**Task description**
The records below need retyping in full; give them again exactly.

**Provided records**
- - - -

(* Let $r\ge 2$ and consider the $\mathfrak{q}(2)$-crystal $\mathbf{B}^{\otimes r}$. Then the $\mathfrak{q}(2)$-connected component $C(1^r)$ of $1^r=1\otimes\cdots\otimes 1$ decomposes, as $\mathfrak{gl}_2$-crystals, as $$C(1^r)=C_{\mathfrak{gl}_2}(1^r)\sqcup C_{\mathfrak{gl}_2}(1^{r-1}2)\cong C_{\mathfrak{gl}_2}(1^{r-1})\otimes \mathbf{B}_{\mathfrak{gl}_2},$$ where $C_{\mathfrak{gl}_2}(1^{r-1})$ is the $\mathfrak{gl}_2$-connected component of $1^{r-1}$ in $\mathbf{B}^{\otimes (r-1)}$, $\mathbf B_{\mathfrak{gl}_2}$ is $\mathbf B$ regarded as a $\mathfrak{gl}_2$-crystal, and $\otimes$ on the right is the tensor product of $\mathfrak{gl}_2$-crystals.
   Context: Let $P=\mathbb Z e_1\oplus\mathbb Z e_2$, $\alpha_1=e_1-e_2$, and $(k_1,k_2)$ the dual basis of $P^*$ with pairing $\langle\,,\rangle$. A $\mathfrak{gl}_2$-crystal is a set $B$ with maps $\tilde e,\tilde f:B\to B\sqcup\{0\}$, $\varphi,\varepsilon:B\to\mathbb Z\sqcup\{-\infty\}$, $\mathrm{wt}:B\to P$ such that: $\mathrm{wt}(\tilde e b)=\mathrm{wt}(b)+\alpha_1$ if $\tilde eb\ne0$; $\mathrm{wt}(\tilde f b)=\mathrm{wt}(b)-\alpha_1$ if $\tilde fb\neq 0$; $\varphi(b)=\varepsilon(b)+\langle k_1-k_2,\mathrm{wt}(b)\rangle$; $\tilde f b=b'$ iff $b=\tilde e b'$; if $\tilde e b\ne 0$ then $\varepsilon(\tilde eb)=\varepsilon(b)-1$, $\varphi(\tilde e b)=\varphi(b)+1$; if $\tilde fb\ne0$ then $\varepsilon(\tilde fb)=\varepsilon(b)+1$, $\varphi(\tilde fb)=\varphi(b)-1$; if $\varphi(b)=-\infty$ then $\tilde eb=\tilde fb=0$. A $\mathfrak q(2)$-crystal is a $\mathfrak{gl}_2$-crystal with extra maps $\tilde e_{\bar1},\tilde f_{\bar1}:B\to B\sqcup\{0\}$ such that $\mathrm{wt}(B)\subset \mathbb Z_{\ge0}e_1\oplus\mathbb Z_{\ge0}e_2$, $\mathrm{wt}(\tilde e_{\bar1}b)=\mathrm{wt}(b)+\alpha_1$, $\mathrm{wt}(\tilde f_{\bar1}b)=\mathrm{wt}(b)-\alpha_1$, and $\tilde f_{\bar1}b=b'$ iff $b=\tilde e_{\bar1}b'$. The tensor product $B_1\otimes B_2$ of $\mathfrak q(2)$-crystals is the set $B_1\times B_2$ with $\mathrm{wt}(b_1\otimes b_2)=\mathrm{wt}(b_1)+\mathrm{wt}(b_2)$, $\varepsilon(b_1\otimes b_2)=\max\{\varepsilon(b_1)-\varphi(b_1)+\varepsilon(b_2),\varepsilon(b_1)\}$, $\varphi(b_1\otimes b_2)=\max\{\varphi(b_1)-\varepsilon(b_2)+\varphi(b_2),\varphi(b_2)\}$, $\tilde e(b_1\otimes b_2)=\tilde eb_1\otimes b_2$ if $\varphi(b_1)\ge\varepsilon(b_2)$ and $=b_1\otimes\tilde e b_2$ otherwise; $\tilde f(b_1\otimes b_2)=\tilde fb_1\otimes b_2$ if $\varphi(b_1)>\varepsilon(b_2)$ and $=b_1\otimes \tilde fb_2$ otherwise; $\tilde e_{\bar1}(b_1\otimes b_2)=\tilde e_{\bar1}b_1\otimes b_2$ and $\tilde f_{\bar1}(b_1\otimes b_2)=\tilde f_{\bar1}b_1\otimes b_2$ if $\langle k_1,\mathrm{wt}(b_2)\rangle=\langle k_2,\mathrm{wt}(b_2)\rangle=0$, and otherwise they act on $b_2$ (with $x\otimes 0=0\otimes x=0$). The tensor product of $\mathfrak{gl}_2$-crystals is given by the same formulas for $\mathrm{wt},\varepsilon,\varphi,\tilde e,\tilde f$. Let $\mathbf B=\{1,2\}$ with $\mathrm{wt}(1)=e_1$, $\mathrm{wt}(2)=e_2$, $\tilde f(1)=2$, $\tilde e(2)=1$, $\tilde e(1)=\tilde f(2)=0$, $\varepsilon(1)=0,\varphi(1)=1,\varepsilon(2)=1,\varphi(2)=0$, $\tilde f_{\bar1}(1)=2$, $\tilde e_{\bar1}(2)=1$, $\tilde e_{\bar 1}(1)=\tilde f_{\bar1}(2)=0$. Elements $a_1\otimes\cdots\otimes a_r$ of $\mathbf B^{\otimes r}$ are written as words $a_1\cdots a_r$; $1^r$ denotes $r$ letters $1$, and $1^{r-1}2$ is the word with $r-1$ ones followed by a $2$. For $b$ in a $\mathfrak q(2)$-crystal, $C(b)$ is the connected component of $b$ in the graph with edges $b\to\tilde f b$ and $b\to\tilde f_{\bar1}b$; $C_{\mathfrak{gl}_2}(b)$ is the connected component using only edges $b\to \tilde fb$. *)

From HB Require Import structures.
From mathcomp Require Import all_boot all_order all_algebra.
From Stdlib Require Import Relations.
Set Implicit Arguments. Unset Strict Implicit. Unset Printing Implicit Defensive.
Import Order.TTheory GRing.Theory Num.Theory.
Local Open Scope ring_scope.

- - - -

**Completed exercise**
(* Let $r\ge 2$ and consider the $\mathfrak{q}(2)$-crystal $\mathbf{B}^{\otimes r}$. Then the $\mathfrak{q}(2)$-connected component $C(1^r)$ of $1^r=1\otimes\cdots\otimes 1$ decomposes, as $\mathfrak{gl}_2$-crystals, as $$C(1^r)=C_{\mathfrak{gl}_2}(1^r)\sqcup C_{\mathfrak{gl}_2}(1^{r-1}2)\cong C_{\mathfrak{gl}_2}(1^{r-1})\otimes \mathbf{B}_{\mathfrak{gl}_2},$$ where $C_{\mathfrak{gl}_2}(1^{r-1})$ is the $\mathfrak{gl}_2$-connected component of $1^{r-1}$ in $\mathbf{B}^{\otimes (r-1)}$, $\mathbf B_{\mathfrak{gl}_2}$ is $\mathbf B$ regarded as a $\mathfrak{gl}_2$-crystal, and $\otimes$ on the right is the tensor product of $\mathfrak{gl}_2$-crystals.
   Context: Let $P=\mathbb Z e_1\oplus\mathbb Z e_2$, $\alpha_1=e_1-e_2$, and $(k_1,k_2)$ the dual basis of $P^*$ with pairing $\langle\,,\rangle$. A $\mathfrak{gl}_2$-crystal is a set $B$ with maps $\tilde e,\tilde f:B\to B\sqcup\{0\}$, $\varphi,\varepsilon:B\to\mathbb Z\sqcup\{-\infty\}$, $\mathrm{wt}:B\to P$ such that: $\mathrm{wt}(\tilde e b)=\mathrm{wt}(b)+\alpha_1$ if $\tilde eb\ne0$; $\mathrm{wt}(\tilde f b)=\mathrm{wt}(b)-\alpha_1$ if $\tilde fb\neq 0$; $\varphi(b)=\varepsilon(b)+\langle k_1-k_2,\mathrm{wt}(b)\rangle$; $\tilde f b=b'$ iff $b=\tilde e b'$; if $\tilde e b\ne 0$ then $\varepsilon(\tilde eb)=\varepsilon(b)-1$, $\varphi(\tilde e b)=\varphi(b)+1$; if $\tilde fb\ne0$ then $\varepsilon(\tilde fb)=\varepsilon(b)+1$, $\varphi(\tilde fb)=\varphi(b)-1$; if $\varphi(b)=-\infty$ then $\tilde eb=\tilde fb=0$. A $\mathfrak q(2)$-crystal is a $\mathfrak{gl}_2$-crystal with extra maps $\tilde e_{\bar1},\tilde f_{\bar1}:B\to B\sqcup\{0\}$ such that $\mathrm{wt}(B)\subset \mathbb Z_{\ge0}e_1\oplus\mathbb Z_{\ge0}e_2$, $\mathrm{wt}(\tilde e_{\bar1}b)=\mathrm{wt}(b)+\alpha_1$, $\mathrm{wt}(\tilde f_{\bar1}b)=\mathrm{wt}(b)-\alpha_1$, and $\tilde f_{\bar1}b=b'$ iff $b=\tilde e_{\bar1}b'$. The tensor product $B_1\otimes B_2$ of $\mathfrak q(2)$-crystals is the set $B_1\times B_2$ with $\mathrm{wt}(b_1\otimes b_2)=\mathrm{wt}(b_1)+\mathrm{wt}(b_2)$, $\varepsilon(b_1\otimes b_2)=\max\{\varepsilon(b_1)-\varphi(b_1)+\varepsilon(b_2),\varepsilon(b_1)\}$, $\varphi(b_1\otimes b_2)=\max\{\varphi(b_1)-\varepsilon(b_2)+\varphi(b_2),\varphi(b_2)\}$, $\tilde e(b_1\otimes b_2)=\tilde eb_1\otimes b_2$ if $\varphi(b_1)\ge\varepsilon(b_2)$ and $=b_1\otimes\tilde e b_2$ otherwise; $\tilde f(b_1\otimes b_2)=\tilde fb_1\otimes b_2$ if $\varphi(b_1)>\varepsilon(b_2)$ and $=b_1\otimes \tilde fb_2$ otherwise; $\tilde e_{\bar1}(b_1\otimes b_2)=\tilde e_{\bar1}b_1\otimes b_2$ and $\tilde f_{\bar1}(b_1\otimes b_2)=\tilde f_{\bar1}b_1\otimes b_2$ if $\langle k_1,\mathrm{wt}(b_2)\rangle=\langle k_2,\mathrm{wt}(b_2)\rangle=0$, and otherwise they act on $b_2$ (with $x\otimes 0=0\otimes x=0$). The tensor product of $\mathfrak{gl}_2$-crystals is given by the same formulas for $\mathrm{wt},\varepsilon,\varphi,\tilde e,\tilde f$. Let $\mathbf B=\{1,2\}$ with $\mathrm{wt}(1)=e_1$, $\mathrm{wt}(2)=e_2$, $\tilde f(1)=2$, $\tilde e(2)=1$, $\tilde e(1)=\tilde f(2)=0$, $\varepsilon(1)=0,\varphi(1)=1,\varepsilon(2)=1,\varphi(2)=0$, $\tilde f_{\bar1}(1)=2$, $\tilde e_{\bar1}(2)=1$, $\tilde e_{\bar 1}(1)=\tilde f_{\bar1}(2)=0$. Elements $a_1\otimes\cdots\otimes a_r$ of $\mathbf B^{\otimes r}$ are written as words $a_1\cdots a_r$; $1^r$ denotes $r$ letters $1$, and $1^{r-1}2$ is the word with $r-1$ ones followed by a $2$. For $b$ in a $\mathfrak q(2)$-crystal, $C(b)$ is the connected component of $b$ in the graph with edges $b\to\tilde f b$ and $b\to\tilde f_{\bar1}b$; $C_{\mathfrak{gl}_2}(b)$ is the connected component using only edges $b\to \tilde fb$. *)

From HB Require Import structures.
From mathcomp Require Import all_boot all_order all_algebra.
From Stdlib Require Import Relations.
Set Implicit Arguments. Unset Strict Implicit. Unset Printing Implicit Defensive.
Import Order.TTheory GRing.Theory Num.Theory.
Local Open Scope ring_scope.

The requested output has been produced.